**What to do:** An exact reproduction of the lines from the one with "From mathcomp Require" to the end of the data below is required. No other lines may be included.

Stored data entries
(* Let $\mathcal{B}$ be a complete topological ring and let $\mathrm{e}\colon\mathcal{B}\to\mathcal{B}\{T\}$ be a restricted exponential homomorphism. Let $S\subseteq\mathcal{B}^{\mathrm{e}}$ be a multiplicatively closed subset, let $\tilde j\colon\mathcal{B}\to\widehat{S^{-1}\mathcal{B}}$ be the separated completed localization homomorphism and let $\tilde j_T\colon\mathcal{B}\{T\}\to\widehat{S^{-1}\mathcal{B}}\{T\}$ be the induced homomorphism $\sum_ib_iT^i\mapsto\sum_i\tilde j(b_i)T^i$. Then there exists a unique restricted exponential homomorphism $\widehat{S^{-1}\mathrm{e}}\colon\widehat{S^{-1}\mathcal{B}}\to\widehat{S^{-1}\mathcal{B}}\{T\}$ such that $\tilde j_T\circ\mathrm{e}=\widehat{S^{-1}\mathrm{e}}\circ\tilde j$.
   Context: Conventions: topological rings are linearly topologized with a countable fundamental system of open ideals; homomorphisms are continuous; complete means the canonical map to $\varprojlim_{\mathfrak{a}}\mathcal{B}/\mathfrak{a}$ (open ideals, discrete quotients) is a topological isomorphism. For complete $\mathcal{C}$, $\mathcal{C}\{T\}$, $\mathcal{C}\{T,T'\}$ denote restricted power series (coefficients converging to $0$), topologized by the ideals of series with all coefficients in a given open ideal. A restricted exponential homomorphism of a complete ring $\mathcal{C}$ is a continuous ring homomorphism $\mathrm{e}\colon\mathcal{C}\to\mathcal{C}\{T\}$, $\mathrm{e}(c)=\sum_i\mathrm{e}_i(c)T^i$, with $\mathrm{e}_0=\mathrm{id}$ and $\sum_{i,j}\mathrm{e}_j(\mathrm{e}_i(c))T'^jT^i=\sum_\ell\mathrm{e}_\ell(c)(T+T')^\ell$ for all $c$. $\mathcal{B}^{\mathrm{e}}=\{b:\mathrm{e}(b)=b\}$. A multiplicatively closed subset contains $1$ and is stable under multiplication. The separated completed localization $\widehat{S^{-1}\mathcal{B}}$ is the separated completion of $S^{-1}\mathcal{B}$ for the linear topology with fundamental system of ideals $S^{-1}\mathfrak{b}$, $\mathfrak{b}$ open in $\mathcal{B}$, and $\tilde j$ is the composite $\mathcal{B}\to S^{-1}\mathcal{B}\to\widehat{S^{-1}\mathcal{B}}$. *)

From mathcomp Require Import all_boot all_algebra.
Set Implicit Arguments. Unset Strict Implicit. Unset Printing Implicit Defensive.
Import GRing.Theory.
Local Open Scope ring_scope.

**Written answer:**
From mathcomp Require Import all_boot all_algebra.
Set Implicit Arguments. Unset Strict Implicit. Unset Printing Implicit Defensive.
Import GRing.Theory.
Local Open Scope ring_scope.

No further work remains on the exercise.